Exercise materials Start Marker

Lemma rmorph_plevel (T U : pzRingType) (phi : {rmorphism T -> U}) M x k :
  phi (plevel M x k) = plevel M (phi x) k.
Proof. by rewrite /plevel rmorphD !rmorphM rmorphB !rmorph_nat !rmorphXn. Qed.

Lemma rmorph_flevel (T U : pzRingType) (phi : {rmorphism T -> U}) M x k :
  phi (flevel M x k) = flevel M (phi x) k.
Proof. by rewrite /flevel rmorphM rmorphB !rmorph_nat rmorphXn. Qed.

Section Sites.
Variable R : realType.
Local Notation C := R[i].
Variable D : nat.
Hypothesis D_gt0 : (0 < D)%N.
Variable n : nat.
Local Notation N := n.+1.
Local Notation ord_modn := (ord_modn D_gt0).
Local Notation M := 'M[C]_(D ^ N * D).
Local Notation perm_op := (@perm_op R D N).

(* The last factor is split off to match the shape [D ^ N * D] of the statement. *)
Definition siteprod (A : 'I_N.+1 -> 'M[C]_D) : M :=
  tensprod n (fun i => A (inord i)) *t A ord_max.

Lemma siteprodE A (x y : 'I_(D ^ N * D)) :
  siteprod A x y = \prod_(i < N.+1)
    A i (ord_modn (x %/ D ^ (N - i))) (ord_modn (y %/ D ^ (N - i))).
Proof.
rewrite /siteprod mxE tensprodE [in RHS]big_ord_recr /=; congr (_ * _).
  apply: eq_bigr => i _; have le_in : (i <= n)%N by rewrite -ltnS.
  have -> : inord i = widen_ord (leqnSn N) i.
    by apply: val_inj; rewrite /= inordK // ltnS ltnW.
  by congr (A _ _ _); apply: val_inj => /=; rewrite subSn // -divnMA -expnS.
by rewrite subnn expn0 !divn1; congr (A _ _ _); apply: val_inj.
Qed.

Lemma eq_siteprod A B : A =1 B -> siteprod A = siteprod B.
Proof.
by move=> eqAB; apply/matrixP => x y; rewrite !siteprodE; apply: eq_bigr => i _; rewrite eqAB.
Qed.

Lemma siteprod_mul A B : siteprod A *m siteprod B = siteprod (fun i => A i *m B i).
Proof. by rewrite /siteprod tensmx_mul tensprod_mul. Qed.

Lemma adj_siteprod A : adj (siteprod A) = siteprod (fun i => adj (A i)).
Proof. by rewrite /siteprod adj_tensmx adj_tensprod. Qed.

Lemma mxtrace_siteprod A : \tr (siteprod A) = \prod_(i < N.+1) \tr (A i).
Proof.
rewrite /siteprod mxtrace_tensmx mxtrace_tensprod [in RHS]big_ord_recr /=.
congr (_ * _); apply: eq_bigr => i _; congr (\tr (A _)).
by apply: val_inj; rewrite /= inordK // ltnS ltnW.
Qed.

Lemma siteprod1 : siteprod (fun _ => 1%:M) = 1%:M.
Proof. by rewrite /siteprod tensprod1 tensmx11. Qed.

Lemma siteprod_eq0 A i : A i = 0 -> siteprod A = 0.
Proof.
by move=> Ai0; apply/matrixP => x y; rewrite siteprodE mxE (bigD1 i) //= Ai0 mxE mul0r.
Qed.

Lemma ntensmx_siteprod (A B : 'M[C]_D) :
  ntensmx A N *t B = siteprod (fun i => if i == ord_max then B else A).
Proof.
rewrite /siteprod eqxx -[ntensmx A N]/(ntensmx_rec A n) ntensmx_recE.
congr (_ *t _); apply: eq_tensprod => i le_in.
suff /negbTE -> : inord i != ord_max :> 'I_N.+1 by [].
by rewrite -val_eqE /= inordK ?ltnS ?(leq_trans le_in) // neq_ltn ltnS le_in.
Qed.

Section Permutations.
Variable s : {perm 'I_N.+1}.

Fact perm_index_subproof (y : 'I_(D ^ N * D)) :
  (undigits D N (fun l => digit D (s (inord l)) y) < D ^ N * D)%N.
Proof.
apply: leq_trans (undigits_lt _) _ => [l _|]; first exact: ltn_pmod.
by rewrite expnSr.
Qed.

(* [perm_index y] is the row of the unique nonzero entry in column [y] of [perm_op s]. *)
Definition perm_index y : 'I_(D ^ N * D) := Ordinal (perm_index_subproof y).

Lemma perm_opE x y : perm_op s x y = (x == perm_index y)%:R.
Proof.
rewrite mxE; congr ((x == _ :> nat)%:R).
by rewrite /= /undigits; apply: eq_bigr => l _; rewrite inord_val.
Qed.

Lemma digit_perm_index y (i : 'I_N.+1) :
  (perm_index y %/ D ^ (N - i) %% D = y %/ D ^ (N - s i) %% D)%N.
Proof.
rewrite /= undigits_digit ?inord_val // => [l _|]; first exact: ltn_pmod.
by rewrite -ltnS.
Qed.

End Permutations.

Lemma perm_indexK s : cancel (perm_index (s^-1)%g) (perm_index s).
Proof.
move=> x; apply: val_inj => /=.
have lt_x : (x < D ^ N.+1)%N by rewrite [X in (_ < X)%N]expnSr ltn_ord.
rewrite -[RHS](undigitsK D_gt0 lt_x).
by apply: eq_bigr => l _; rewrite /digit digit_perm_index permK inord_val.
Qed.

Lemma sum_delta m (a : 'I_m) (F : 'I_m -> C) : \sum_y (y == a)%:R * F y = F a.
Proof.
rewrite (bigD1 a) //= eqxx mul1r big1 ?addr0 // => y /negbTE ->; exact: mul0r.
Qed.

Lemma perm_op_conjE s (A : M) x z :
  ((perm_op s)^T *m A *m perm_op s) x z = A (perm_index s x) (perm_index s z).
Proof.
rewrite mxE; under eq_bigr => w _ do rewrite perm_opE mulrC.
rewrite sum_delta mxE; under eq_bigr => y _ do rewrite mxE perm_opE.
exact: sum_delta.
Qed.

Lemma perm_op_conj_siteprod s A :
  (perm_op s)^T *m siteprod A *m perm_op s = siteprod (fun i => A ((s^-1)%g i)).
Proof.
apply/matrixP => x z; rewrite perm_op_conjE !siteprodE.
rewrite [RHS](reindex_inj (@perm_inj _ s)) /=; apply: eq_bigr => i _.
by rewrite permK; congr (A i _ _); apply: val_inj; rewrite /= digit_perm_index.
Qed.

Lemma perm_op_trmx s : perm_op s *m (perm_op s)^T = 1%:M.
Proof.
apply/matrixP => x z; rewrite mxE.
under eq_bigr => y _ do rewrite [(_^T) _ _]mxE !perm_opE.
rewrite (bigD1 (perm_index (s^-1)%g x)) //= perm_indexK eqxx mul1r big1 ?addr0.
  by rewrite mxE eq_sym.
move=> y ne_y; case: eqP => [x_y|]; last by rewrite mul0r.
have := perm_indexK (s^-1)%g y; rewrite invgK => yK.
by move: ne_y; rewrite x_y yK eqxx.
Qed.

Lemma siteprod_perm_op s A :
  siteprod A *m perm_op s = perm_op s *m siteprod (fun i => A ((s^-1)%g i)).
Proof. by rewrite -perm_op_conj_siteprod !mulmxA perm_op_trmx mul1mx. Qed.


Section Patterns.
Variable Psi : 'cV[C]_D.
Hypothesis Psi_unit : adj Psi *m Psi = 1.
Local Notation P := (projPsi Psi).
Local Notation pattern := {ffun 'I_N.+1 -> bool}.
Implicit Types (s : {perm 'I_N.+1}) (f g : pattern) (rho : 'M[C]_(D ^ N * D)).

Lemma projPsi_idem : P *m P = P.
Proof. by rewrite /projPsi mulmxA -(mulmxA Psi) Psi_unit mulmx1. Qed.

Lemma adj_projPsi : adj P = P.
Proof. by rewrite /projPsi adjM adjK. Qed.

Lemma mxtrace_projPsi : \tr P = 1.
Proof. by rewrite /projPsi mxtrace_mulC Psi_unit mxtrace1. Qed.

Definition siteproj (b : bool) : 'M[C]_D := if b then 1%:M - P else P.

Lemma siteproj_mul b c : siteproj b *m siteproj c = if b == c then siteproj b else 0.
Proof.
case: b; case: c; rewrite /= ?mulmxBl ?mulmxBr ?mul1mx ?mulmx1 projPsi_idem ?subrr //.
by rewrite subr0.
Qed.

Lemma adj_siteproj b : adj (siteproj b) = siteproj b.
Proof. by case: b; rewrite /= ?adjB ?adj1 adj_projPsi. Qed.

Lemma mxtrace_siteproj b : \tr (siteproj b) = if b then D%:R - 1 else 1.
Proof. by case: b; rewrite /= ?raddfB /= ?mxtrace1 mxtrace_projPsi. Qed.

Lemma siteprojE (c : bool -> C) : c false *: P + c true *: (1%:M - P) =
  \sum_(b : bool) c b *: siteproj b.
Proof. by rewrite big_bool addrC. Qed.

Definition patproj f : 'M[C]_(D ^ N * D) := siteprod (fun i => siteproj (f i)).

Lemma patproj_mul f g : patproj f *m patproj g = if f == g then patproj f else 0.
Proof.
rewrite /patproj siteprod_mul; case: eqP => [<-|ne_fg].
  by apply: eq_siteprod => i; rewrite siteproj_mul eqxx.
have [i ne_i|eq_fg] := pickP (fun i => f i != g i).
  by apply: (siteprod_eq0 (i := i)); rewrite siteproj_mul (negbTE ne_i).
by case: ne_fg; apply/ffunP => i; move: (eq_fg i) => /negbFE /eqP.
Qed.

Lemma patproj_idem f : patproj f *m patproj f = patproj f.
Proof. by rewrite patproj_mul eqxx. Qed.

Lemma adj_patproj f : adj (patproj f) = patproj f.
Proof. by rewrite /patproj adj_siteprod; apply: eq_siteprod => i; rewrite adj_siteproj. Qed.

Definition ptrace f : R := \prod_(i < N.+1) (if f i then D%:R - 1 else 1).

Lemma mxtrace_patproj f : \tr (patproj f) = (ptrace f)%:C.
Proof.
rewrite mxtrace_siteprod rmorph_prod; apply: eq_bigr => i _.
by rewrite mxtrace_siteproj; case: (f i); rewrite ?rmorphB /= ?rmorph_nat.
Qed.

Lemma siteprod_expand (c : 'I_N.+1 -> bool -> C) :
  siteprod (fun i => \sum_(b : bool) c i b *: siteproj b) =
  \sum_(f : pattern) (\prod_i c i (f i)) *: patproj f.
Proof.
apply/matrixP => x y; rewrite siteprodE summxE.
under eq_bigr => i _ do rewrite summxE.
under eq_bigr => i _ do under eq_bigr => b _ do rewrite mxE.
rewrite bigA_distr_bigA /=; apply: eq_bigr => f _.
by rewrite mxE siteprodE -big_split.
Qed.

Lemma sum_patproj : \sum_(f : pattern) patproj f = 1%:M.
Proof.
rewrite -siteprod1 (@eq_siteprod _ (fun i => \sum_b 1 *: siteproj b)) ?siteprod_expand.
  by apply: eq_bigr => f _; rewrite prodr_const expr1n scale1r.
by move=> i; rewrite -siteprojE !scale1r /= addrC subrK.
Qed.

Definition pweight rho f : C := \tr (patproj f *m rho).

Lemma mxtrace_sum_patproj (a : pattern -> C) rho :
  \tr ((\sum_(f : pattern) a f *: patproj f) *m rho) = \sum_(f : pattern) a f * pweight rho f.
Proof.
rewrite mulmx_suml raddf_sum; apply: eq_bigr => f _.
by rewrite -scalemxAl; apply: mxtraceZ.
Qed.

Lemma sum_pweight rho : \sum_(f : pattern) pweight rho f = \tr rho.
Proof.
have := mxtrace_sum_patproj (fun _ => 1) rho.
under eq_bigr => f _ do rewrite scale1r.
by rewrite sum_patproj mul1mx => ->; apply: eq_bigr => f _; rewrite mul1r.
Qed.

Exercise materials End Marker

Assignment
State the number of lines in the data above that include the word "ltnW", leaving out any other words.

Worked solution
2